*Dataset entries*
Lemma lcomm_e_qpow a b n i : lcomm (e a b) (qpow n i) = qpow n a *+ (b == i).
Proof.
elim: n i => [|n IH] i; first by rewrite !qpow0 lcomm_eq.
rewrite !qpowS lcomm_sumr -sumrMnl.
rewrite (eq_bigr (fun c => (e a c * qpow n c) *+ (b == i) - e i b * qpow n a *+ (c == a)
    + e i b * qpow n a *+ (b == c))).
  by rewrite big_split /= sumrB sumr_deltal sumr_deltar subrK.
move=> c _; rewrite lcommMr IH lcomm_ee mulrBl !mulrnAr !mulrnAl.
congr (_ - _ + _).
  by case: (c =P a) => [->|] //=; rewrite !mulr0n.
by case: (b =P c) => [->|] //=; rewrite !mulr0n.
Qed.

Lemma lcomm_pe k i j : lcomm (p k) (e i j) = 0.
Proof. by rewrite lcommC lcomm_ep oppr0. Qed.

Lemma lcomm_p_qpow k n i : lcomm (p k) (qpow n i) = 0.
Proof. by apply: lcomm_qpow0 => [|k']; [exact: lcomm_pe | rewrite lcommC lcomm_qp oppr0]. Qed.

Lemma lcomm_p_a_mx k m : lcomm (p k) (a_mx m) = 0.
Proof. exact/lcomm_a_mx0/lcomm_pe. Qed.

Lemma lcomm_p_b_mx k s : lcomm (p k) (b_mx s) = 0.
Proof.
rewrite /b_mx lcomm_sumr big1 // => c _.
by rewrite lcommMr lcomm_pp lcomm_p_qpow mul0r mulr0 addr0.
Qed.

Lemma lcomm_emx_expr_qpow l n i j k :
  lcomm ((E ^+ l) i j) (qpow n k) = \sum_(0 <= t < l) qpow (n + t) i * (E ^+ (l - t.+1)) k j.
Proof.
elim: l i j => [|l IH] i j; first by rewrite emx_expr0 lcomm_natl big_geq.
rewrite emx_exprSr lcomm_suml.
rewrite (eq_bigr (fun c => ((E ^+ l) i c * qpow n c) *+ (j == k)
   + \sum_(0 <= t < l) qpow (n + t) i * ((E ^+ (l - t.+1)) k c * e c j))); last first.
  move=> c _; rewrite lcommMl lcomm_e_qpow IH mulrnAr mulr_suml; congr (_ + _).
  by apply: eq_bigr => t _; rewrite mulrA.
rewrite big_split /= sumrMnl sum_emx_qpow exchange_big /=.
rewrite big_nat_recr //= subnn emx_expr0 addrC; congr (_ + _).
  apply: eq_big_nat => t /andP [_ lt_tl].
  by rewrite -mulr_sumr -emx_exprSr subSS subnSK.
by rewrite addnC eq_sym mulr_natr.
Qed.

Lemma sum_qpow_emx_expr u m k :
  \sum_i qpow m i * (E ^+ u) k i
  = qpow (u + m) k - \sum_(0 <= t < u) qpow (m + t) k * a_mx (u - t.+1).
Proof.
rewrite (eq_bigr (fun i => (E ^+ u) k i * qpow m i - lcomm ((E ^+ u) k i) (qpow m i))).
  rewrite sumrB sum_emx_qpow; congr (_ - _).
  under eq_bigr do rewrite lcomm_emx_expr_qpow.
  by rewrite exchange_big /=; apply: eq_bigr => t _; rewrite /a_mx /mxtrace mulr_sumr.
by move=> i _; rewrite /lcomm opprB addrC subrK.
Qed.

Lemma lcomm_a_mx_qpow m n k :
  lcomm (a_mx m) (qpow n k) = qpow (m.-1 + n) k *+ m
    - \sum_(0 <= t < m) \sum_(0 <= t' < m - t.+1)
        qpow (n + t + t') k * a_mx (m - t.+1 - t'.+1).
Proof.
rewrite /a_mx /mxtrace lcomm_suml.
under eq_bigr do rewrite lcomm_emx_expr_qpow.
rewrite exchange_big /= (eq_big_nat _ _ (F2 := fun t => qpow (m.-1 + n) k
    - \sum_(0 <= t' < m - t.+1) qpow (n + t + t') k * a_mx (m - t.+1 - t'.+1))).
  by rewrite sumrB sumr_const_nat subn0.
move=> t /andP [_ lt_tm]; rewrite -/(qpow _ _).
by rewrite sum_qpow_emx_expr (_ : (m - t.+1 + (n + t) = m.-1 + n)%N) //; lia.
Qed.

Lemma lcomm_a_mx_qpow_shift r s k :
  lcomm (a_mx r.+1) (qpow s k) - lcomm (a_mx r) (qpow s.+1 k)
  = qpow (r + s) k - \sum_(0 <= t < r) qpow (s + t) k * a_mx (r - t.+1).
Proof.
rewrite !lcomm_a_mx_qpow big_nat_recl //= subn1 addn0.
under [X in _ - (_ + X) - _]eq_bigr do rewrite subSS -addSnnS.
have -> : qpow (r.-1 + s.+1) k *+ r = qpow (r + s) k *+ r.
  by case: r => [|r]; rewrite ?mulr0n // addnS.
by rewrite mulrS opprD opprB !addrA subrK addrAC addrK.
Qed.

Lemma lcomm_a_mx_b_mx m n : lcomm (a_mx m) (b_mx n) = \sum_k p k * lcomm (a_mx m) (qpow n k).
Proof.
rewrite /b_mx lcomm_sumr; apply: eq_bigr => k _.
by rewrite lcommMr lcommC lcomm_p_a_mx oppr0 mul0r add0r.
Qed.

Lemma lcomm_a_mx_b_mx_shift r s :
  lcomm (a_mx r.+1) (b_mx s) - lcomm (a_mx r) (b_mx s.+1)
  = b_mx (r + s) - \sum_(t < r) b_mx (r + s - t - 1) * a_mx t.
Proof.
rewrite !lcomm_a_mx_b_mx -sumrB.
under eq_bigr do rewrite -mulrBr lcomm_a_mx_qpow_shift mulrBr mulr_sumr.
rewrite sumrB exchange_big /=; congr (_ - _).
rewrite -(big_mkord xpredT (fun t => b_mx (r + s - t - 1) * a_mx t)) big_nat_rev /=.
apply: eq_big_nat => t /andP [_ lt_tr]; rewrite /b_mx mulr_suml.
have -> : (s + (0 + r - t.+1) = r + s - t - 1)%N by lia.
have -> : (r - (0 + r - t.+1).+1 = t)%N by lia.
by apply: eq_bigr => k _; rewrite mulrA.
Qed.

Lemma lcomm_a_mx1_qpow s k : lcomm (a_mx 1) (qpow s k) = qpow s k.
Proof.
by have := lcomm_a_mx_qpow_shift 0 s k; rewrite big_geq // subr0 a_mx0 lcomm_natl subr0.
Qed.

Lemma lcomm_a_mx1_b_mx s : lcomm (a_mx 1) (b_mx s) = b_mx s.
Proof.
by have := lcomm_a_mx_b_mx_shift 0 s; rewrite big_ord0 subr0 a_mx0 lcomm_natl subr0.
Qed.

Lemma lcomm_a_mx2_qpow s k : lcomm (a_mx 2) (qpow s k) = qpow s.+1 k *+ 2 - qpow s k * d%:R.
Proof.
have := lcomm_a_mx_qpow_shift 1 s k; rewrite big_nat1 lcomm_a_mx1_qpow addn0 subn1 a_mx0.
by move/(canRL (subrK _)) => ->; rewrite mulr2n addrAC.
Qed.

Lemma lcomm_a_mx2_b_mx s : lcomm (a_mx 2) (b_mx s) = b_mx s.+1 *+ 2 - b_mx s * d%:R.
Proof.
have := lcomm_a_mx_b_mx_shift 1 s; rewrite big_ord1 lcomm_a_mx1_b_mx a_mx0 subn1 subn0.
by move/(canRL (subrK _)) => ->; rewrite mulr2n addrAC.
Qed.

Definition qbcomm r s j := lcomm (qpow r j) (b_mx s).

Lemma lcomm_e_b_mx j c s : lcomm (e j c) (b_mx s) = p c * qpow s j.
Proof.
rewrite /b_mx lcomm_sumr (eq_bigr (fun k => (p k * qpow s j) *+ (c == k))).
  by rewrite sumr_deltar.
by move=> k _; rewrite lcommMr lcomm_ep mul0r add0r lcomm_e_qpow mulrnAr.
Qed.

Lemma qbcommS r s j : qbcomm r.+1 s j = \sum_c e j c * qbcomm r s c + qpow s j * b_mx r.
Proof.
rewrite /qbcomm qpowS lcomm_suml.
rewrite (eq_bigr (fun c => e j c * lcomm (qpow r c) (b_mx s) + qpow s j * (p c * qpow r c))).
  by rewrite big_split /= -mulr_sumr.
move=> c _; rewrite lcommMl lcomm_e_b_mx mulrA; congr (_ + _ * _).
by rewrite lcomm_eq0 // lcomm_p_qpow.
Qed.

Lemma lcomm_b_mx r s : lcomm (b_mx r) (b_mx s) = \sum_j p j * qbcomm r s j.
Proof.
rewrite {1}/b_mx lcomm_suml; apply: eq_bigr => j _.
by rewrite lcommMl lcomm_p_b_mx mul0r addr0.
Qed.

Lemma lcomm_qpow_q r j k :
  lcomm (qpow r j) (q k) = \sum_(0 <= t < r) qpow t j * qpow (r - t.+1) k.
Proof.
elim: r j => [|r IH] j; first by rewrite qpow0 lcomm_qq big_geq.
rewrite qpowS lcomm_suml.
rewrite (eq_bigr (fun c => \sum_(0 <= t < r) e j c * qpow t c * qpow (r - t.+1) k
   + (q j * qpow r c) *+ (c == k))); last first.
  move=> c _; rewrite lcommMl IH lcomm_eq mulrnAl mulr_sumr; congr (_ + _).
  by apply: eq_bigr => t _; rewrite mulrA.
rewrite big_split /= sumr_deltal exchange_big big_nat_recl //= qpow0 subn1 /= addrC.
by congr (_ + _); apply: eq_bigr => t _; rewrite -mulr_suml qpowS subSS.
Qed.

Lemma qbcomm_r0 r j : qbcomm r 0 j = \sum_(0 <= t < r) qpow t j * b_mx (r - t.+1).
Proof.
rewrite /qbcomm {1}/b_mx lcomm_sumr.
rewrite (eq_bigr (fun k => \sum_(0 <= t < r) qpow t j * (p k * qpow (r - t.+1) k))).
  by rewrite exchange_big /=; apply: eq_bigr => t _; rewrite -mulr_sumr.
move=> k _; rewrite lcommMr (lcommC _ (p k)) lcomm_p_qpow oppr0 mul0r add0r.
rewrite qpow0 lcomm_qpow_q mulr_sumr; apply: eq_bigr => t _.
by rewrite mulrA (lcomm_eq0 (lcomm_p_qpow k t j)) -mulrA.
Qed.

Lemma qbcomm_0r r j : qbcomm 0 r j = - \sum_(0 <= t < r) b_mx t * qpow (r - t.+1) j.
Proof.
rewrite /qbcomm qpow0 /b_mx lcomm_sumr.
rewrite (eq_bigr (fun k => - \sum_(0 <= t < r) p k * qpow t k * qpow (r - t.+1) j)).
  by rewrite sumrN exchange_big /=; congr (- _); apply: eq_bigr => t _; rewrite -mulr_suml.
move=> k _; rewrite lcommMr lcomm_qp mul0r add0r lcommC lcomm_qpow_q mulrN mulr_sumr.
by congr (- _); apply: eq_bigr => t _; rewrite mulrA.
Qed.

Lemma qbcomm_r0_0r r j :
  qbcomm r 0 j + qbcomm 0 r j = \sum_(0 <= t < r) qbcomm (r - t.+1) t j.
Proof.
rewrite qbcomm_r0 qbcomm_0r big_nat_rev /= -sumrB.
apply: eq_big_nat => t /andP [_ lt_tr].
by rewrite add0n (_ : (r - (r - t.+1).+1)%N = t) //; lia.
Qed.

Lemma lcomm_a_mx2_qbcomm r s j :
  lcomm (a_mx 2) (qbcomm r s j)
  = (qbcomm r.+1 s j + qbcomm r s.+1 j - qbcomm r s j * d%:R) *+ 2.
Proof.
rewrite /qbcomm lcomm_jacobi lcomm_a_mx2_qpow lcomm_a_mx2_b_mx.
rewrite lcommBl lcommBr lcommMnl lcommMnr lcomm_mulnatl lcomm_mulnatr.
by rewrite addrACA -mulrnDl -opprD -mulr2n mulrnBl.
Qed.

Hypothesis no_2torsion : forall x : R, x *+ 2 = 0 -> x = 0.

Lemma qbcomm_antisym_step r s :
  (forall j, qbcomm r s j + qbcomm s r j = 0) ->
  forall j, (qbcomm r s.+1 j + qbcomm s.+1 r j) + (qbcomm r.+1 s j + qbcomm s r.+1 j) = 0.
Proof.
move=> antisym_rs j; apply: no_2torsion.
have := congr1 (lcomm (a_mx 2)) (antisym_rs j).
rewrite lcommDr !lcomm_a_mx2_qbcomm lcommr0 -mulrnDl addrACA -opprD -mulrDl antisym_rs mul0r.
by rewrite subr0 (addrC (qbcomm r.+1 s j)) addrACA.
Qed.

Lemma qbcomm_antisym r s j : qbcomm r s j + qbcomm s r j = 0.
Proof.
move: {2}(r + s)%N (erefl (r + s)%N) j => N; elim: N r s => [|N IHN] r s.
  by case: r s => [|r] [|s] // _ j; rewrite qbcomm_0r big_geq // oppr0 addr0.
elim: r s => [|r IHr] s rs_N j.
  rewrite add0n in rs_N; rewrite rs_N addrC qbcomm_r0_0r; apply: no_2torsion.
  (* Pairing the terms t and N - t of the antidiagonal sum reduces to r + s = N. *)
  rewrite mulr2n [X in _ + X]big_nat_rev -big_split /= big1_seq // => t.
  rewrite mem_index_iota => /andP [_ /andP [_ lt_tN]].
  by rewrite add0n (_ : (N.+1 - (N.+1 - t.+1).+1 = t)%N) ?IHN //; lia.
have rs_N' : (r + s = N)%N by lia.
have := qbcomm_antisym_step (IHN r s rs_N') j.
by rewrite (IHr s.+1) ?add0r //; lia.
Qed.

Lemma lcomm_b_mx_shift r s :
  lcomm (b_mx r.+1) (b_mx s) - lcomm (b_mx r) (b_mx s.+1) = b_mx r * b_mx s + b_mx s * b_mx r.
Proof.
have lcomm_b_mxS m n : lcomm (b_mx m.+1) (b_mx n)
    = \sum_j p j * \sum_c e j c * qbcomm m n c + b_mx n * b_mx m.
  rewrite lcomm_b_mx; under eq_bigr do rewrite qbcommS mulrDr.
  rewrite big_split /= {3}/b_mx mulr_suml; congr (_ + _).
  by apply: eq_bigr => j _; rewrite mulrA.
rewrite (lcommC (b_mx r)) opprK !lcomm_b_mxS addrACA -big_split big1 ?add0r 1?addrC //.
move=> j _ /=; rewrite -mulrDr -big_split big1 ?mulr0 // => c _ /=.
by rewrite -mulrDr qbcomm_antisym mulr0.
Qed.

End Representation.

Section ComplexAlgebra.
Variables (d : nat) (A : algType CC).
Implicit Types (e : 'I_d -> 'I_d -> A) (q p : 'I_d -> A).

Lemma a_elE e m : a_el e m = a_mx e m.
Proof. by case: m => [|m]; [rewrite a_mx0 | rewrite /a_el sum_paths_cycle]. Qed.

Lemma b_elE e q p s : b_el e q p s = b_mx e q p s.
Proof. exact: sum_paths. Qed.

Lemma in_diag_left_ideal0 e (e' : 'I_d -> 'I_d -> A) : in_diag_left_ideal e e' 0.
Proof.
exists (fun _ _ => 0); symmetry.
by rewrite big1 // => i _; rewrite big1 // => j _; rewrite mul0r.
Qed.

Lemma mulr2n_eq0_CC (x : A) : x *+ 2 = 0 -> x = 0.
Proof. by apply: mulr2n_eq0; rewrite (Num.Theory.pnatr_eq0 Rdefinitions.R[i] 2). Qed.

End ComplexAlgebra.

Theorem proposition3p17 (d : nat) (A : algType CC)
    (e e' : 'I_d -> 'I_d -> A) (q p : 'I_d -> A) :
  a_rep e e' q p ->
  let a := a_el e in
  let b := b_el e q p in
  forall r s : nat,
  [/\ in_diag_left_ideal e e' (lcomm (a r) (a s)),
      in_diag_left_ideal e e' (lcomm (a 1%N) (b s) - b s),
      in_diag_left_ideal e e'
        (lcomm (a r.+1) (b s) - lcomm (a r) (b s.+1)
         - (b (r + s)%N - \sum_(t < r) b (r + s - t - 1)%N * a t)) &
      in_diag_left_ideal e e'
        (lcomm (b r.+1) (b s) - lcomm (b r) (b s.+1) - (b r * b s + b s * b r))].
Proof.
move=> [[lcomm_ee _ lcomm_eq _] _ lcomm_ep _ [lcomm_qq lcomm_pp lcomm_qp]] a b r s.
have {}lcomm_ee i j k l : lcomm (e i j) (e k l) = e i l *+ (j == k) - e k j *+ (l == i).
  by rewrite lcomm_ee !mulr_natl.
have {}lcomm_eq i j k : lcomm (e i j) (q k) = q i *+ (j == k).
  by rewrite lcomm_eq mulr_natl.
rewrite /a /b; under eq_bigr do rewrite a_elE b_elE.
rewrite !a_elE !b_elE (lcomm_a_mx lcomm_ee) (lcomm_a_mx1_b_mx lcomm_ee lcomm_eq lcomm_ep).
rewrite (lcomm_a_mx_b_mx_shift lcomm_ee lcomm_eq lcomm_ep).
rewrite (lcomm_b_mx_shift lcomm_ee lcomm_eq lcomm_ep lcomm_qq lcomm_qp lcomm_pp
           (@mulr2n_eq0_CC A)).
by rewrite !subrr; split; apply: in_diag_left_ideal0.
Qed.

*Task brief*
Only lines with the word "lcommMl" go in the answer. Take them all from the entries above.

*Result below*
  move=> c _; rewrite lcommMl lcomm_e_qpow IH mulrnAr mulr_suml; congr (_ + _).
move=> c _; rewrite lcommMl lcomm_e_b_mx mulrA; congr (_ + _ * _).
by rewrite lcommMl lcomm_p_b_mx mul0r addr0.
  move=> c _; rewrite lcommMl IH lcomm_eq mulrnAl mulr_sumr; congr (_ + _).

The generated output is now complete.